My problem with all that is that, while I understand the resource argument at the local level, I hesitate over the prospect of an IICSA finding of fact when the accused is dead. If a man is dead, there can be no finding of fact because there is no defence. IICSA’s operations are based on hearings. There is no one to hear, apart from the accusers, which takes us right back to the Janner case. Indeed, I note that in all the cases where accusations have been levelled against individuals who are still alive, we have had either apologies or mealy-mouthed statements withdrawing accusations. In other words, attack the dead who cannot respond and run scared of the living for fear of legal action.
The Wiltshire Police commissioner says that the Government should do something, and they should. Sir Edward Heath was not a Wiltshire Council leader; he was a Prime Minister with an international reputation. We either give Wiltshire all the money it needs—not part of the money, as happened before—to draw up the Conifer review, or the Government carry out a judge-led review of the evidence. Anyhow, it should not cost much. There is very little evidence, just hearsay and untruths. The Nick case will prove that.
The powers that be have allowed this whole debate about sexual abuse to become bogged down in political correctness. We are entering a fantasy world where anyone without principle can make a claim of sexual abuse against any other person in the knowledge that there is a presumption that the accuser is to be believed. The whole process is being greatly aided by the sexual offences compensation scheme, otherwise known as the criminal injuries compensation scheme, with legal expenses funded by the taxpayer while the scheme is undermining the credibility of legitimate claimants. All you now need is a vivid imagination, a preparedness to lie and the ability to make the accusation seem realistic by drawing on other cases already on the public record that give credence to your accusation and you are on your way to a windfall.
I give your Lordships an example. Let us take the Janner case. Last week, IICSA informed me of a further accusation against Janner. It came after the collapse of the civil claims against the Janner estate when an unidentified man claimed that,
“he was raped at Dolphin Square”—
noble Lords will recall Dolphin Square—
“whilst in the care of social services by a person he subsequently believes to be Janner”.

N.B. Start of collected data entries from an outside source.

(* Let $x$ be a Sturmian word. For every integer $k>1$ and every position $j$ of $x$, there is a factor of $x$ starting at position $j$ that is a $k$-anti-power.
   Context: A Sturmian word is an infinite word having exactly $n+1$ distinct factors of length $n$ for every $n\in\mathbb{N}$. A factor is a contiguous subword. A $k$-anti-power is a word $w=w_1\cdots w_k$ with $|w_1|=\cdots=|w_k|\ge1$ and $w_1,\dots,w_k$ pairwise distinct. *)

From mathcomp Require Import all_boot.
Set Implicit Arguments. Unset Strict Implicit. Unset Printing Implicit Defensive.

Definition infword (T : Type) := nat -> T.

Definition factor (T : Type) (x : infword T) (i n : nat) : seq T :=
  mkseq (fun k => x (i + k)) n.

Definition is_factor_of_length (T : Type) (x : infword T) (n : nat) (w : seq T) : Prop :=
  exists i, w = factor x i n.

Definition has_n_factors (T : eqType) (x : infword T) (n c : nat) : Prop :=
  exists s : seq (seq T),
    [/\ uniq s, size s = c &
        forall w, w \in s <-> is_factor_of_length x n w].

Definition sturmian (T : eqType) (x : infword T) : Prop :=
  forall n : nat, has_n_factors x n n.+1.

(* w = w_1 ... w_k with |w_1| = ... = |w_k| = m >= 1 and the w_i pairwise
   distinct; the i-th block (0-indexed) is take m (drop (i*m) w). *)
Definition anti_power (T : eqType) (k : nat) (w : seq T) : Prop :=
  exists m : nat,
    [/\ 0 < m, size w = k * m &
        uniq [seq take m (drop (i * m) w) | i <- iota 0 k]].

(* Read through the indicator of its first letter, x becomes a binary word z with the same
   pattern of equal letters and with n + 1 factors of each length n.  Such a word is
   balanced: a minimal unbalanced pair of windows has the form a w a, b w b, and walking the
   Rauzy graph from the unique right special factor of length |w| + 1 shows that both
   windows are rotations of one period, hence have the same weight.  Balance yields a slope
   alpha with |weight z a L - L alpha| <= 1, and alpha is irrational because z is not
   eventually periodic.  Let e = 1/(2k).  Dirichlet gives t alpha within e of an integer c
   (above it, after passing to the complementary word if needed), and a multiple m of t has
   m alpha in N + [e, 2e), so that c' m alpha stays at distance >= e from the integers for
   0 < c' < k.  If two of the k blocks of length m starting at j were equal, at distance
   d = c' m, every window of length d starting in the first block would have the same
   weight; comparing with a window of length t and weight c + 1 forces
   |weight - d alpha| <= t alpha - c < e, a contradiction. *)

From Stdlib Require Import Classical Reals Lra.
From mathcomp Require Import all_boot zify.
Set Implicit Arguments. Unset Strict Implicit. Unset Printing Implicit Defensive.

Section Factors.
Variables (T : eqType) (y : infword T).

Lemma size_factor a n : size (factor y a n) = n.
Proof. exact: size_mkseq. Qed.

Lemma factorD a m n : factor y a (m + n) = factor y a m ++ factor y (a + m) n.
Proof.
rewrite /factor /mkseq iotaD map_cat add0n; congr (_ ++ _).
rewrite -[in iota m n](addn0 m) iotaDl -map_comp.
by apply: eq_map => i /=; rewrite addnA.
Qed.

Lemma factor_rcons a n : factor y a n.+1 = rcons (factor y a n) (y (a + n)).
Proof. by rewrite -addn1 factorD cats1 /factor /= addn0. Qed.

Lemma factor_cons a n : factor y a n.+1 = y a :: factor y a.+1 n.
Proof. by rewrite -add1n factorD /factor /= addn0 addn1. Qed.

Lemma take_factor a m n : m <= n -> take m (factor y a n) = factor y a m.
Proof.
by move/subnKC <-; rewrite factorD take_size_cat ?size_factor.
Qed.

Lemma drop_factor a m n : drop m (factor y a n) = factor y (a + m) (n - m).
Proof.
case: (leqP m n) => [/subnKC {1}<-|/ltnW mn].
  by rewrite factorD drop_size_cat ?size_factor.
by rewrite drop_oversize ?size_factor // (eqP mn).
Qed.

Lemma eq_factorP a b n :
  factor y a n = factor y b n <-> (forall i, i < n -> y (a + i) = y (b + i)).
Proof.
split=> [E i lt_in | E].
  by have := congr1 (nth (y 0) ^~ i) E; rewrite /factor !nth_mkseq.
apply: (@eq_from_nth _ (y 0)); rewrite ?size_factor // => i lt_in.
by rewrite /factor !nth_mkseq ?E.
Qed.

Lemma eq_factor_rcons a b n :
  factor y a n.+1 = factor y b n.+1 <->
  factor y a n = factor y b n /\ y (a + n) = y (b + n).
Proof.
by rewrite !factor_rcons; split=> [/rcons_inj[-> ->] | [-> ->]].
Qed.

That is from paragraph 7 of Professor Jay’s letter of determination, dated 2 May 2018. Until then there had been no claim by anyone, ever, that Janner was linked to the infamously false Dolphin Square allegations. It is a patent lie, yet this individual, referred to as F54 in the IICSA inquiry, has been granted core participation status in the Janner strand, entitling him to legal representation by solicitors and counsel at huge cost to the taxpayer, running into tens of thousands of pounds. His lawyers will be able to charge for preparatory work leading up to proceedings and representation at a three-week hearing fixed for February 2020. I object, on behalf of the taxpayers of the United Kingdom: it is an outrage and it further affects the credibility of the IICSA inquiry.